March 14, 2009

Discourse, Language and Learning and Teaching and Learning

Books and talk were always readily available in my home growing up. I remember looking forward to receiving my monthly Dr. Seuss selection in the mail and visiting the local public library with Daddy. I also remember that the books that were read to me as a child were not the ones I selected at the library or received via mail. The literacy of home was predominately Portuguese. The literacy of school would be in English. I came to know the world around me, first in Portuguese, second in English. There were many similarities between my worlds but there were also differences.
The dominant discourse at home, with my parents, was, and still is today, Portuguese. The dominant discourse of all my formal schooling was obviously English.

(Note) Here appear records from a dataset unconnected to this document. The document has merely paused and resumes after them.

Lemma wedge z w : z \in T -> w \in T -> z != w -> z \notin R -> w \notin R ->
  [/\ Badj K i (z |: R) (z |: (w |: R)), Badj K i (z |: (w |: R)) (w |: R) &
      Bneg ord K i (z |: R) (z |: (w |: R)) (+) Bneg ord K i (z |: (w |: R)) (w |: R)
      = ~~ (twist z (+) twist w)].
Proof.
move=> zT wT zw zR wR; set B := z |: (w |: R).
have inK (F : {set V}) : F \subset B -> F \in K.
  by move=> sFB; apply/simplex_T/(subset_trans sFB); rewrite !subUset !sub1set zT wT R_T.
have card1 x : x \notin R -> #|x |: R| = i.+1 by move=> xR; rewrite cardsU1 xR card_R.
have cardB : #|B| = i.+2 by rewrite cardsU1 !inE negb_or zw zR card1.
have sub_z : z |: R \subset B by rewrite setUS ?subsetUr.
have sub_w : w |: R \subset B by rewrite subsetUr.
have Sz : z |: R \in faces_of_size i K by rewrite inE card1 // eqxx inK.
have Sw : w |: R \in faces_of_size i K by rewrite inE card1 // eqxx inK.
have SB : B \in faces_of_size i.+1 K by rewrite inE cardB eqxx inK.
have nSB : B \notin faces_of_size i K by rewrite inE cardB (gtn_eqF (ltnSn _)) andbF.
have cB_B : perm_eq [:: z, w & enum R] (enum B).
  apply: uniq_perm => [|| x]; last by rewrite !inE !mem_enum !inE.
    by rewrite /= !inE !mem_enum negb_or zw zR wR enum_uniq.
  exact: enum_uniq.
have Bz : z |: R = B :\ w by rewrite /B setUCA setU1K // !inE negb_or eq_sym zw wR.
have Bw : w |: R = B :\ z by rewrite /B setU1K // !inE negb_or zw zR.
have [adj_z _] := Badj_subset Sz SB sub_z.
have [_ adj_w] := Badj_subset Sw SB sub_w.
split=> //; rewrite /Bneg Sz (negbTE nSB).
have wB : w \in B by rewrite !inE eqxx orbT.
rewrite (incid_neg_ref wB Bz cB_B) ?ord_K ?inK //.
rewrite (incid_neg_ref (setU11 z _) Bw cB_B) ?ord_K ?inK //= !eqxx (negbTE zw) /=.
by rewrite /twist; case: (inv_parity _ _); case: (inv_parity _ _); case: (inv_parity _ _).
Qed.

Lemma hexagon_unbalanced a b c : a \in T -> b \in T -> c \in T ->
  a != b -> b != c -> c != a -> a \notin R -> b \notin R -> c \notin R ->
  ~ balanced K i ord.
Proof.
move=> aT bT cT ab bc ca aR bR cR bal.
have [ab1 ab2 ab_sign] := wedge aT bT ab aR bR.
have [bc1 bc2 bc_sign] := wedge bT cT bc bR cR.
have [ca1 ca2 ca_sign] := wedge cT aT ca cR aR.
have hex_uniq : uniq [:: a |: R; a |: (b |: R); b |: R; b |: (c |: R); c |: R; c |: (a |: R)].
  apply: (@map_uniq _ _ (fun F : {set V} => (a \in F, b \in F, c \in F))).
  have neq := (negbTE ab, negbTE bc, negbTE ca, negbTE aR, negbTE bR, negbTE cR).
  by rewrite /= !inE !eqxx !neq ![b == a]eq_sym ![c == b]eq_sym ![a == c]eq_sym !neq.
have := bal _ hex_uniq isT; rewrite count_next_pairmap //= ab1 ab2 bc1 bc2 ca1 ca2 => /(_ isT).
rewrite !oddD !oddb addbF addbA ab_sign [X in _ (+) X]addbA bc_sign ca_sign.
by case: (twist a); case: (twist b); case: (twist c).
Qed.
End Hexagon.

Section Complexes.
Variable V : finType.
Implicit Types (K : {set {set V}}) (F G T : {set V}).

Lemma simplex_unbalanced K i (ord : {set V} -> seq V) T :
  is_orientation K ord -> (forall F, F \subset T -> F \in K) -> i.+3 <= #|T| ->
  ~ balanced K i ord.
Proof.
move=> ord_K simplex_T /card_geqP[[|a [|b [|c r]]] [] //= uniq_abcr [size_r] sub_T].
move: uniq_abcr; rewrite !inE !negb_or => /and4P[/and3P[ab ac ar] /andP[bc br] cr ur].
have R_T : [set x in r] \subset T.
  by apply/subsetP => x; rewrite inE => xr; apply: sub_T; rewrite !inE xr !orbT.
have card_R : #|[set x in r]| = i by rewrite cardsE (card_uniqP ur).
have [aT bT cT] : [/\ a \in T, b \in T & c \in T].
  by split; apply: sub_T; rewrite !inE eqxx ?orbT.
apply: (hexagon_unbalanced ord_K simplex_T R_T card_R aT bT cT ab bc);
  by rewrite ?inE // eq_sym.
Qed.

Lemma join_face K1 K2 F1 F2 G : is_complex K1 -> is_complex K2 ->
  F1 \in K1 -> F2 \in K2 -> G \subset F1 :|: F2 -> G \in join K1 K2.
Proof.
move=> [_ closed_K1] [_ closed_K2] F1K F2K sub_G; apply/imset2P.
exists (G :&: F1) (G :&: F2).
- exact: closed_K1 F1K (subsetIr _ _).
- exact: closed_K2 F2K (subsetIr _ _).
- by rewrite -setIUr; apply/esym/setIidPl.
Qed.

Lemma exists_face_dim K : is_complex K -> has_vertex K ->
  exists2 F, F \in K & #|F| = (dim K).+1.
Proof.
move=> [K0 _] [v Kv].
have [|F FK maxF] := @eq_bigmax_cond _ (mem K) (fun F : {set V} => #|F|).
  by rewrite card_gt0; apply/set0Pn; exists set0.
exists F => //; rewrite /dim maxF prednK //.
by have := @leq_bigmax_cond _ (mem K) (fun F : {set V} => #|F|) _ Kv; rewrite maxF cards1.
Qed.
End Complexes.

Theorem mainTheorem9 (V : finType) (K1 K2 : {set {set V}}) (i : nat) :
  is_complex K1 -> is_complex K2 ->
  has_vertex K1 -> has_vertex K2 ->
  [disjoint vertices K1 & vertices K2] ->
  i.+1 <= dim K1 + dim K2 ->
  forall ord : {set V} -> seq V, is_orientation (join K1 K2) ord ->
    ~ balanced (join K1 K2) i ord.
Proof.
move=> cK1 cK2 vK1 vK2 disj_K dim_K ord ord_K.
have [F1 F1K card_F1] := exists_face_dim cK1 vK1.
have [F2 F2K card_F2] := exists_face_dim cK2 vK2.
apply: (simplex_unbalanced ord_K (T := F1 :|: F2)) => [G|]; first exact: join_face.
have disj_F : [disjoint F1 & F2] by apply: disjointW disj_K; apply: bigcup_sup.
have /eqP -> : #|F1 :|: F2| == #|F1| + #|F2| by rewrite (leq_card_setU F1 F2).2.
by rewrite card_F1 card_F2 addSn addnS !ltnS.
Qed.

What I actively participated in at home and in social contexts within my local community as a young child did eventually translate into my school settings and English speaking community; I feel home helped start to prepare me for sharing my knowledge. Many literacy events from home prepared me for events at school; I would however have to be taught or assisted to translate these events and add on to them using at first a lingua franca. If I were going to succeed in my school career, I would have to become literate at school. You see, I had literacy, my Portuguese language and culture, my school teachers did not!
Heath wrote “Familiar literacy events for mainstream preschoolers are bedtime stories, reading cereal boxes, stop signs, and television ads, and interpreting instructions for commercial games and toys” (259). These at home literacy events are deemed normal and mainstream in many places around the world. Heath points out that these events are sometimes similar for students at school and other times may be in conflict with them. We, as teachers, know that not all our students come to school with the same set of skills or literacies. We may see this daily in our classrooms when dealing with ESL students, LD students, gifted students and for the lack of a better world “average” students. In fact, we may have experienced this ourselves when we began school. Heath notes that “as school-oriented parents and their children interact in pre-school years, adults give their children, through modeling and specific instruction, ways of taking from books which seem natural in school and in numerous institutional settings” (258). Parents help to foster and develop their children’s literacies and thus these literacies are dependent on what is being modeled and specifically instructed. Everything stems from something, every understanding and every misconception.
I agree with Heath’s belief that “children growing up in mainstream communities are expected to develop habits and values which attest to their membership in a “literate society” (260). However, it is important that we understand that children growing up in mainstream communities will be exposed to many things that will help develop their literacies. Social situations call for different discourses to be used and we know that discourses are related to the distribution of social power. Gee, in Discourses and Literacies, points out that “a person’s primary Discourse serves as a ‘framework’ or ‘base’ for their acquisition and learning of other Discourses later in life” (141).
There is and always will be sociocultural differences in the use of Discourse between speakers of the same language. Therefore, it is important that we, as educators, understand that the literacies of our students at home may differ from the literacies that are expected of them within their school community. Also the literacies we may understand personally and socially may differ from the literacies we are exposed to professionally. Therefore, what is important? Shouldn’t students learn in meaningful ways? As educator, we can agree that students need to be engaged in their learning so that different practices of literacies are understood and truly valued.
Teaching and learning are not the same thing. The role of a teacher is an important one. Barnes, in Transmission and Interpretation, compares the teacher as transmitter versus the teacher as student aid to interpretation. The literacies we, as educators, are comfortable with will place us in one of these two categories. What literacy is valued when it is the teacher under the microscope rather than the student? Does a good teacher transmit or does a good teacher aid? We as educators are divided! If learning is to be meaningful to students, if the goal is to engage students in their learning, then it becomes evident to me that a good teacher should step away from the transmission model and engage students and aid them interpreting the world around them. A good teacher will do all they can to understand the literacies their students will bring to a school setting to engage them in learning.